-- Opening Marker --

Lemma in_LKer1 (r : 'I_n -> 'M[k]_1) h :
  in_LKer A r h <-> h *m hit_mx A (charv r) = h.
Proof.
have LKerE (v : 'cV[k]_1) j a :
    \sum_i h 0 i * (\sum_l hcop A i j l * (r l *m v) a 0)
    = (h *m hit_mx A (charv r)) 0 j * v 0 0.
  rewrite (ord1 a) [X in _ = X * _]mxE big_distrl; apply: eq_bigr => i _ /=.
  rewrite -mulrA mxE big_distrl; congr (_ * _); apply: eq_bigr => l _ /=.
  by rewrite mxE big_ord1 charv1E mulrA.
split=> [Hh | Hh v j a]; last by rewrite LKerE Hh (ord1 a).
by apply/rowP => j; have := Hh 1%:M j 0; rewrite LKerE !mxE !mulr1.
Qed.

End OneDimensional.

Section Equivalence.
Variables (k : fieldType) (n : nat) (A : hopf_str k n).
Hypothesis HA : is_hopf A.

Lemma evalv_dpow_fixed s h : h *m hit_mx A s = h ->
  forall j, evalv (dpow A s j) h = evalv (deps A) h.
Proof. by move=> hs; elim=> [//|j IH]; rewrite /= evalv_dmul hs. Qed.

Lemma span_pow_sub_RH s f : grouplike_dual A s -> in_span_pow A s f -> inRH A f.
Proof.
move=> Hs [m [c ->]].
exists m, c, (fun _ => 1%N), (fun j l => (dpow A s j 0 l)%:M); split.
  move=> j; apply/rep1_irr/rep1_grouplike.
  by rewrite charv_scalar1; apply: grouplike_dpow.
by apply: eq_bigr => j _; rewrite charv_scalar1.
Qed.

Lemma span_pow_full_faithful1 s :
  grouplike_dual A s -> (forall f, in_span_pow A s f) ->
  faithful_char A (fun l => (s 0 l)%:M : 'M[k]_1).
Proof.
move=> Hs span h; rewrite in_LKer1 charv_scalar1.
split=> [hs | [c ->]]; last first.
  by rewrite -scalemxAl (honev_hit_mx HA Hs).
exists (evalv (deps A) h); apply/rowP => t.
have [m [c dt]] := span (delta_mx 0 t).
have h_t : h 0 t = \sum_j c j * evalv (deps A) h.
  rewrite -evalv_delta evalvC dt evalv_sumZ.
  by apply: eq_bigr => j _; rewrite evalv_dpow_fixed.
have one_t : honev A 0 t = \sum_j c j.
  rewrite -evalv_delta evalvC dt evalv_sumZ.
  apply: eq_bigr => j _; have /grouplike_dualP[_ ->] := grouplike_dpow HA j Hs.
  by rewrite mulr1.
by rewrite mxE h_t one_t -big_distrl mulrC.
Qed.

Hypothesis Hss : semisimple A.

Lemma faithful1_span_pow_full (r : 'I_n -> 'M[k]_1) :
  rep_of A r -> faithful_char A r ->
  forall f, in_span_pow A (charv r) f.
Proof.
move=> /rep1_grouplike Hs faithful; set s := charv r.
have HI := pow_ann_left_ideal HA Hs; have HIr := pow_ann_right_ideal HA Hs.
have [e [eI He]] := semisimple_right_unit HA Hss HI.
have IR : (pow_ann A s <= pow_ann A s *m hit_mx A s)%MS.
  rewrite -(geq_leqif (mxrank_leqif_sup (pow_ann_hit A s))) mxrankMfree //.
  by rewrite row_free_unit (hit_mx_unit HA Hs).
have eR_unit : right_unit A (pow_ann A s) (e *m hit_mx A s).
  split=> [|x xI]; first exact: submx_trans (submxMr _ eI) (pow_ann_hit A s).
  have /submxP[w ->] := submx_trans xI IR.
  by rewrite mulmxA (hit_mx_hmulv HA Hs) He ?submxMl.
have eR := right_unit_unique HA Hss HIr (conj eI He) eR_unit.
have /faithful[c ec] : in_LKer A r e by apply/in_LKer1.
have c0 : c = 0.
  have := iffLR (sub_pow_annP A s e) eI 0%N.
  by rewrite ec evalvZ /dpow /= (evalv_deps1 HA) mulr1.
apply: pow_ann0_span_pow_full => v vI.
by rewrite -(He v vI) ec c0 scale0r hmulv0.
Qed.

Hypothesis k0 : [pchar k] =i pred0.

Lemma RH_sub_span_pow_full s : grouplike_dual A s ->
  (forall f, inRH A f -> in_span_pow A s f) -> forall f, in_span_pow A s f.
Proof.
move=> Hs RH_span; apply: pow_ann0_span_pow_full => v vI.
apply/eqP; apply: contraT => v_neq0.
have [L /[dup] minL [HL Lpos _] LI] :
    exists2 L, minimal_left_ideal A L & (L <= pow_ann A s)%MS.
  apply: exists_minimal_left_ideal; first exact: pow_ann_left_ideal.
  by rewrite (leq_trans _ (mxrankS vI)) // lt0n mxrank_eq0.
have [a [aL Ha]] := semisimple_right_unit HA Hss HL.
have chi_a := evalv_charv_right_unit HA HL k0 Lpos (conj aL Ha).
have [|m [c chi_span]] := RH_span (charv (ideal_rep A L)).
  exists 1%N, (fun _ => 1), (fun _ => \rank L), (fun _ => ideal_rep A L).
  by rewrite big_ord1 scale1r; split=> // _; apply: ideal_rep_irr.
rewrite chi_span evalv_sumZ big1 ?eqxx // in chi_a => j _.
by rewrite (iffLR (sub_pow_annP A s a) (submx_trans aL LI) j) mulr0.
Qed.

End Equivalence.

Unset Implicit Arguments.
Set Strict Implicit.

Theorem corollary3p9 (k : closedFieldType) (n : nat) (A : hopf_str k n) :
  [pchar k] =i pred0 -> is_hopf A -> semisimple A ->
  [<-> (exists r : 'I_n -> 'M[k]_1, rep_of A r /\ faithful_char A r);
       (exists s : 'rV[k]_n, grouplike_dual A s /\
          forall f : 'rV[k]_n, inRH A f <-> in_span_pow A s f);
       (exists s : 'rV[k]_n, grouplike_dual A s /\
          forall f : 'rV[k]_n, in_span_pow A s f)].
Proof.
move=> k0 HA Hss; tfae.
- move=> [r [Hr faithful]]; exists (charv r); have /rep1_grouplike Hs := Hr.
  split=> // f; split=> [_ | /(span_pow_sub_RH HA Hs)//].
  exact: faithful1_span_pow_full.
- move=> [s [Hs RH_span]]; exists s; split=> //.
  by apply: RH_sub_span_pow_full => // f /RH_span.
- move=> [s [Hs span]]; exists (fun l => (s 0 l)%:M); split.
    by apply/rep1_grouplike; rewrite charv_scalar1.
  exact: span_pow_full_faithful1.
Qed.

-- Closing Marker --

• _What needs to be done_
Reproduce only the lines above spanning from the line containing "by rewrite mulmxA" through the line containing "by rewrite (leq_trans", word for word.

• _Result_
  by rewrite mulmxA (hit_mx_hmulv HA Hs) He ?submxMl.
have eR := right_unit_unique HA Hss HIr (conj eI He) eR_unit.
have /faithful[c ec] : in_LKer A r e by apply/in_LKer1.
have c0 : c = 0.
  have := iffLR (sub_pow_annP A s e) eI 0%N.
  by rewrite ec evalvZ /dpow /= (evalv_deps1 HA) mulr1.
apply: pow_ann0_span_pow_full => v vI.
by rewrite -(He v vI) ec c0 scale0r hmulv0.
Qed.

Hypothesis k0 : [pchar k] =i pred0.

Lemma RH_sub_span_pow_full s : grouplike_dual A s ->
  (forall f, inRH A f -> in_span_pow A s f) -> forall f, in_span_pow A s f.
Proof.
move=> Hs RH_span; apply: pow_ann0_span_pow_full => v vI.
apply/eqP; apply: contraT => v_neq0.
have [L /[dup] minL [HL Lpos _] LI] :
    exists2 L, minimal_left_ideal A L & (L <= pow_ann A s)%MS.
  apply: exists_minimal_left_ideal; first exact: pow_ann_left_ideal.
  by rewrite (leq_trans _ (mxrankS vI)) // lt0n mxrank_eq0.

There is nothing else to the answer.